I would like to raise a request for a simple helper function.
Utility function to extract package dependencies from DESCRIPTION file.

I do think that tools package is better place, for such a fundamental
functionality, than community packages.

tools pkg seems perfect fit (having already great function write_PACKAGES).

Functionality I am asking for is already in R svn repository since 2016, in
a branch tools4pkgs. Function is called 'packages.dcf'.
Another one 'repos.dcf' would be a good functional complementary to it.

Those two simple helper functions really makes it easier for organizations
to glue together usage of their own R packages repos and CRAN repo in a
smooth way. That could possibly help to offload CRAN from new submissions.

gh mirror link for easy preview:
https://github.com/wch/r-source/blob/tools4pkgs/src/library/tools/R/packages.R#L419

Regards
Jan Gorecki
#
Hello Jan,

I have seen many packages that implemented dependencies "extraction" on
their own for internal purposes and today I was doing exactly that for
mine. It's not a big deal using read.dcf on DESCRIPTION. It was sufficient
for me, but I had to take care of some \n chars (the overall returned value
has some rough edges, in my opinion). However, the function from the branch
seems to not care about version requirements, which are crucial for me.
Maybe that is something to reconsider before merging.

Best,
Jan

p? 14. 10. 2022 v 2:27 odes?latel Jan Gorecki <j.gorecki at wit.edu.pl> napsal:

  
  
#
Hello Jan,

Thanks for confirming about many packages reinventing this missing
functionality.
packages.dcf was not meant handle versions. It just extracts names of
dependencies... Yes, such a simple thing, yet missing in base R.

Versions of packages can be controlled when setting up R pkgs repo. This is
how I used to handle it. Making a CRAN subset mirror of fixed version pkgs.
BTW. function for that is also included in mentioned branch. I am just not
proposing it, to increase the chance of having at least this simple,
missing, functionality merged.

Best
Jan
On Fri, Oct 14, 2022, 15:14 Jan Net?k <netikja at gmail.com> wrote:

            

  
  
#
Hi Jan and Jan,

Can you explain a little more what exactly you want the non-recursive,
non-version aware dependencies from an individual package for?

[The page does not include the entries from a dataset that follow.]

(* The equilibrium is a profile with memory.  It follows xi until somebody
   deviates; after a deviation at a vertex x it punishes the owner of x by a
   profile tau_x realising nego(lambda)(x), which exists by steady negotiation.
   A new deviation of the player already punished from u only restarts the
   punishment (from the new vertex) when this lowers the negotiation value.

   The construction then shows that every history from v0
   is coherent with the memory of the profile, whence every outcome of the
   profile is lambda-consistent.  Against a deviation of player i: at the first
   departure from the prescription, at x, we get lambda(x) <= mu_i(outcome);
   afterwards i is punished from vertices of value at most nego(x), which
   stabilise, so the deviating play eventually is a play against the punishers
   and pays i at most nego(x) <= lambda(x) + eps. *)

Definition pre (T : Type) (rho : nat -> T) (n : nat) : seq T := mkseq rho n.+1.

Section Prefixes.
Variable T : Type.
Implicit Types (rho : nat -> T) (x : T).

Lemma pre_size rho n : size (pre rho n) = n.+1.
Proof. by rewrite /pre size_mkseq. Qed.

Lemma pre_nth x rho n k : k <= n -> nth x (pre rho n) k = rho k.
Proof. by move=> hk; rewrite /pre nth_mkseq. Qed.

Lemma pre_last x rho n : last x (pre rho n) = rho n.
Proof. by rewrite /pre mkseqS last_rcons. Qed.

Lemma preS rho n : pre rho n.+1 = rcons (pre rho n) (rho n.+1).
Proof. by rewrite /pre mkseqS. Qed.

Lemma take_pre rho k m : k <= m -> take k.+1 (pre rho m) = pre rho k.
Proof.
move=> hk; rewrite -(subnKC hk) /pre -addSn /mkseq iotaD map_cat take_size_cat //.
by rewrite size_map size_iota.
Qed.

Lemma drop_pre rho p m : p <= m ->
  drop p (pre rho m) = pre (fun k => rho (p + k)) (m - p).
Proof.
move=> hp; apply: (eq_from_nth (x0 := rho 0)); first by rewrite size_drop !pre_size subSn.
move=> k; rewrite size_drop pre_size (subSn hp) ltnS => hk.
by rewrite nth_drop !pre_nth // -(subnKC hp) leq_add2l.
Qed.

Lemma last_nonnil x y (s : seq T) : s <> [::] -> last x s = last y s.
Proof. by case: s. Qed.

Lemma last_drop x p (s : seq T) : drop p s <> [::] -> last x (drop p s) = last x s.
Proof. by move=> hd; rewrite -{2}(cat_take_drop p s) last_cat; case: (drop p s) hd. Qed.

Lemma drop_nonnil p (s : seq T) : drop p s <> [::] -> p < size s.
Proof. by move=> hd; rewrite ltnNge; apply/negP => /drop_oversize. Qed.

Lemma last_cat_pre x h rho n : last x (h ++ pre rho n) = rho n.
Proof. by rewrite last_cat (last_nonnil _ (rho 0)) ?pre_last // /pre mkseqS; case: mkseq. Qed.

End Prefixes.

(* Eventual stabilisation: a sequence whose every change strictly decreases a
   natural-number measure is eventually constant.  This is what makes the
   punishment phase of the constructed profile settle down. *)
Section Stabilisation.
Variables (T : eqType) (f : nat -> T) (m : T -> nat) (n0 : nat).
Hypothesis decr : forall n, n0 <= n -> f n.+1 != f n -> m (f n.+1) < m (f n).

Lemma constant_or_decrease n : n0 <= n ->
  (forall j, f (n + j) = f n) \/ exists2 n', n0 <= n' & m (f n') < m (f n).
Proof.
move=> hn; case: (pselect (exists j, f (n + j) != f n)) => [exj|noj]; last first.
  by left=> j; apply/eqP/negPn/negP => hj; apply: noj; exists j.
right; case: (ex_minnP exj) => -[|j]; first by rewrite addn0 eqxx.
move=> hj minj; have same : f (n + j) = f n.
  by apply/eqP/negPn/negP => /minj; rewrite ltnn.
exists (n + j.+1); first exact: leq_trans hn (leq_addr _ _).
by rewrite -same addnS decr ?(leq_trans hn (leq_addr _ _)) // -addnS same.
Qed.

Lemma eventually_constant : exists2 N, n0 <= N & forall j, f (N + j) = f N.
Proof.
suff: forall M n, n0 <= n -> m (f n) <= M -> exists2 N, n0 <= N & forall j, f (N + j) = f N.
  by apply; last exact: leqnn.
elim=> [|M IH] n hn hm; (case: (constant_or_decrease hn) => [cst|[n' hn' hlt]];
  first by exists n).
- by move: (leq_trans hlt hm).
- by apply: (IH n' hn'); rewrite -ltnS (leq_trans hlt hm).
Qed.

End Stabilisation.

Section Outcomes.
Variables (Pi V : finType) (owner : V -> Pi).
Implicit Types (sg : profile Pi V) (v : V).

Lemma out_prefix_pre sg v n : out_prefix owner sg v n = pre (outcome owner sg v) n.
Proof.
elim: n => [|n IH] //=; rewrite preS -IH; congr rcons.
by rewrite /outcome /= nth_rcons IH pre_size ltnn eqxx.
Qed.

Lemma outcome_step sg v n :
  outcome owner sg v n.+1 = sg (owner (outcome owner sg v n)) (pre (outcome owner sg v) n).
Proof.
rewrite {1}/outcome /= out_prefix_pre nth_rcons pre_size ltnn eqxx.
by rewrite pre_last.
Qed.

Lemma outcome_char sg v (rho : nat -> V) :
  rho 0 = v -> (forall n, rho n.+1 = sg (owner (rho n)) (pre rho n)) ->
  outcome owner sg v = rho.
Proof.
move=> h0 hS; have pre_eq n : out_prefix owner sg v n = pre rho n.
  elim: n => [|n IH] /=; first by rewrite /pre /mkseq /= h0.
  by rewrite IH preS pre_last hS.
by apply: funext => n; rewrite /outcome pre_eq pre_nth.
Qed.

End Outcomes.

Section Histories.
Variables (Pi V : finType) (owner : V -> Pi) (E : rel V).
Implicit Types (u x w : V) (s : seq V) (psi : nat -> V).

Lemma hist_nonnil u s : is_hist E u s -> s <> [::].
Proof. by move=> [t [-> _]]. Qed.

Lemma hist_rcons x u s w : is_hist E u s -> E (last x s) w -> is_hist E u (rcons s w).
Proof. by case=> t [-> hp] he; exists (rcons t w); rewrite rcons_path hp. Qed.

Lemma hist_pre_head u psi m : is_hist E u (pre psi m) -> psi 0 = u.
Proof. by case=> t [et _]; have := pre_nth u psi (leq0n m); rewrite et. Qed.

Lemma hist_pre_edge u psi m k : is_hist E u (pre psi m) -> k < m -> E (psi k) (psi k.+1).
Proof.
case=> t [et pt] hk; have szt : size t = m by have := congr1 size et; rewrite pre_size => -[].
have nth_t : nth u t k = psi k.+1 by rewrite -[nth u t k]/(nth u (u :: t) k.+1) -et pre_nth.
have nth_ut : nth u (u :: t) k = psi k by rewrite -et pre_nth // ltnW.
by move/(pathP u): pt => /(_ k); rewrite szt nth_ut nth_t; apply.
Qed.

Lemma valid_strat_last i (t : strategy V) x s : s <> [::] ->
  valid_strat owner E i t -> owner (last x s) = i -> E (last x s) (t s).
Proof. by case: s => [//|y s] _ hv; rewrite (lastI y s) last_rcons; apply: hv. Qed.

Lemma compat_rcons k (sg : profile Pi V) d s w :
  compat_minus owner k sg d s -> s <> [::] ->
  (owner (last d s) != k -> w = sg (owner (last d s)) s) ->
  compat_minus owner k sg d (rcons s w).
Proof.
move=> hc hs hw n; rewrite size_rcons ltnS => hn.
have tk : take n.+1 (rcons s w) = take n.+1 s by rewrite -cats1 takel_cat.
case: (ltnP n.+1 (size s)) => h2.
  by rewrite !nth_rcons (ltnW h2) h2 tk => ho; apply: hc.
have e : n.+1 = size s by apply/eqP; rewrite eqn_leq hn h2.
rewrite !nth_rcons -e ltnSn ltnn eqxx => ho.
have el : nth d s n = last d s by rewrite -nth_last -e.
by rewrite el in ho *; rewrite (hw ho) e -cats1 take_size_cat.
Qed.

Lemma compat_pre_step i (sg : profile Pi V) u psi m k :
  compat_minus owner i sg u (pre psi m) -> k < m -> owner (psi k) != i ->
  psi k.+1 = sg (owner (psi k)) (pre psi k).
Proof.
move=> hc hk ho; have := hc k; rewrite pre_size ltnS (pre_nth u psi (ltnW hk)).
by rewrite (pre_nth u psi hk) (take_pre _ (ltnW hk)); apply.
Qed.

Lemma pre_cat_play h (rho : nat -> V) n : pre (cat_play h rho) (size h + n) = h ++ pre rho n.
Proof.
apply: (eq_from_nth (x0 := rho 0)); first by rewrite size_cat !pre_size addnS.
move=> k; rewrite pre_size ltnS => hk; rewrite pre_nth // /cat_play nth_cat.
by case: ifP => hk2; [exact: set_nth_default | rewrite pre_nth // leq_subLR].
Qed.

End Histories.

Section Payoffs.
Variables (R : realType) (Pi V : finType) (owner : V -> Pi) (E : rel V)
  (mu : (nat -> V) -> Pi -> R).

Lemma mu_suffix (Hpi : prefix_independent mu) (rho : nat -> V) n :
  mu (Defs.suffix rho n) = mu rho.
Proof.
rewrite -(Hpi (mkseq rho n)); congr mu; apply: funext => k.
rewrite /cat_play size_mkseq; case: ltnP => hk; first by rewrite nth_mkseq.
by rewrite /Defs.suffix subnKC.
Qed.

(* Any play from u in which every player other than i follows sg is the
   outcome of (sg_{-i}, t) for some strategy t of i, so its payoff for i is
   bounded by i's best-response value against sg_{-i}. *)
Lemma play_le_best_resp (def : V -> V) (Hdef : forall v, E v (def v))
    i u (sg : profile Pi V) (psi : nat -> V) :
  psi 0 = u -> (forall k, E (psi k) (psi k.+1)) ->
  (forall k, owner (psi k) != i -> psi k.+1 = sg (owner (psi k)) (pre psi k)) ->
  ((mu psi i)%:E <= best_resp_val owner E mu i u sg)%E.
Proof.
move=> psi0 psiE psiC.
pose t : strategy V := fun s =>
  if s == pre psi (size s).-1 then psi (size s) else def (last u s).
have t_valid : valid_strat owner E i t.
  move=> s y _; rewrite /t size_rcons /=; case: eqP => [es|_]; last by rewrite last_rcons.
  by have := congr1 (last u) es; rewrite last_rcons pre_last => ->.
have -> : psi = outcome owner (upd sg i t) u.
  symmetry; apply: outcome_char => // k; rewrite /upd; case: eqP => ho.
    by rewrite /t pre_size /= eqxx.
  by apply: psiC; apply/eqP.
by apply: ereal_sup_ubound; exists t.
Qed.

(* A punishment of the owner of u: a profile sg for the other players,
   together with a reply t of the owner, witnessing that sg lies in
   lambda-Rat(u) and realising the value nego(lambda)(u). *)
Definition punishing (lam : requirement R V) (u : V) (sg : profile Pi V) (t : strategy V) :=
  [/\ forall j, j != owner u -> valid_strat owner E j (sg j),
      valid_strat owner E (owner u) t,
      forall h w, is_hist E u (rcons h w) -> compat_minus owner (owner u) sg u (rcons h w) ->
        lam_consistent owner mu lam (outcome owner (shift (upd sg (owner u) t) h) w)
    & best_resp_val owner E mu (owner u) u sg = nego owner E mu lam u].

(* With steady negotiation, the infimum defining a finite nego(lambda)(u) is
   attained, which provides a punishment. *)
Lemma punishing_exists (Hsteady : steady_negotiation owner E mu)
    (lam : requirement R V) u :
  (nego owner E mu lam u < +oo)%E -> exists sg t, punishing lam u sg t.
Proof.
move=> hfin; case: (Hsteady (owner u) u lam) => [empty|[x [sg hsg ex] xmin]].
  by move: hfin; rewrite /nego empty ereal_inf0 ltxx.
case: (hsg) => hv [t [ht hc]]; exists sg, t; split => //.
apply/eqP; rewrite eq_le; apply/andP; split; first by rewrite ex; apply/ereal_infP.
by apply: ereal_inf_lbound; exists sg.
Qed.

End Payoffs.

Section Construction.
Variables (R : realType) (Pi V : finType) (owner : V -> Pi) (E : rel V)
  (mu : (nat -> V) -> Pi -> R) (v0 : V).
Hypothesis Hpi : prefix_independent mu.
Variables (eps : R) (lam : requirement R V).
Hypothesis Heps : (0 <= eps)%R.
Hypothesis nego_le : forall v, (nego owner E mu lam v <= lam v + eps%:E)%E.
Variable xi : nat -> V.
Hypotheses (xi0 : xi 0 = v0) (xi_play : is_play E xi)
  (xi_cons : lam_consistent owner mu lam xi).
Variable def : V -> V.
Hypothesis Hdef : forall v, E v (def v).
Variable pun : V -> profile Pi V * strategy V.
Hypothesis Hpun :
  forall u, (lam u < +oo)%E -> punishing owner E mu lam u (pun u).1 (pun u).2.

Local Notation nego_lam := (nego owner E mu lam).

Definition tau (u : V) : profile Pi V := upd (pun u).1 (owner u) (pun u).2.

(* The memory of the constructed profile: [None] while xi is followed,
   [Some (u, p)] while the owner of u is punished by tau u, the punishment
   having started at position p of the history (where u was visited). *)
Definition mode := option (V * nat).

Definition prescribed (m : mode) (s : seq V) : V :=
  match m with
  | None => xi (size s)
  | Some (u, p) => tau u (owner (last v0 s)) (drop p s)
  end.

Definition next_mode (m : mode) (s : seq V) (w : V) : mode :=
  if w == prescribed m s then m else
  let x := last v0 s in
  match m with
  | Some (u, p) => if (owner u == owner x) && ~~ (nego_lam x < nego_lam u)%E then m
                   else Some (x, (size s).-1)
  | None => Some (x, (size s).-1)
  end.

(* The memory after a history, obtained by running next_mode along it
   (mode_rev reads the reversed history). *)
Fixpoint mode_rev (r : seq V) : mode :=
  match r with
  | w :: ((_ :: _) as r') => next_mode (mode_rev r') (rev r') w
  | _ => None
  end.

Definition mode_of (s : seq V) : mode := mode_rev (rev s).

Lemma mode_of_rcons s w : s <> [::] -> mode_of (rcons s w) = next_mode (mode_of s) s w.
Proof.
move=> hs; rewrite /mode_of rev_rcons /=.
case er: (rev s) => [|a r]; first by move: er => /(congr1 rev); rewrite revK.
by rewrite -er revK.
Qed.

(* The constructed profile: play the prescribed vertex (falling back on an
   arbitrary edge in histories that cannot occur). *)
Definition spe : profile Pi V := fun _ s =>
  let w := prescribed (mode_of s) s in if E (last v0 s) w then w else def (last v0 s).

(* The invariant of histories from v0: in mode None the history is a prefix
   of xi; in mode Some (u, p) the punishment is well defined and the part of
   the history since position p is compatible with the punishers' profile. *)
Definition coherent (s : seq V) : Prop :=
  is_hist E v0 s /\
  match mode_of s with
  | None => s = pre xi (size s).-1
  | Some (u, p) => [/\ (lam u < +oo)%E, is_hist E u (drop p s)
                     & compat_minus owner (owner u) (pun u).1 u (drop p s)]
  end.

Either way package_dependencies will do this for you* with a little
"aggressive convincing". It wants output from available.packages, but who
really cares what it wants? It's a function and we are people :)
"Suggests", "Imports", "LinkingTo"), colnames(db)))
$rtables
 [1] "methods"    "magrittr"   "formatters" "dplyr"      "tibble"
 [6] "tidyr"      "testthat"   "xml2"       "knitr"      "rmarkdown"
[11] "flextable"  "officer"    "stats"      "htmltools"  "grid"


The only gotcha that I see immediately is that "LinkingTo" isn't always
there (whereas it is with real output from available.packages). If you know
your package doesn't have that (or that it does) at call time , this
becomes a one-liner:

package_dependencies("rtables", db =
read.dcf("~/gabe/checkedout/rtables_clean/DESCRIPTION"), which =
c("Depends", "Suggests", "Imports"))
$rtables
 [1] "methods"    "magrittr"   "formatters" "dplyr"      "tibble"
 [6] "tidyr"      "testthat"   "xml2"       "knitr"      "rmarkdown"
[11] "flextable"  "officer"    "stats"      "htmltools"  "grid"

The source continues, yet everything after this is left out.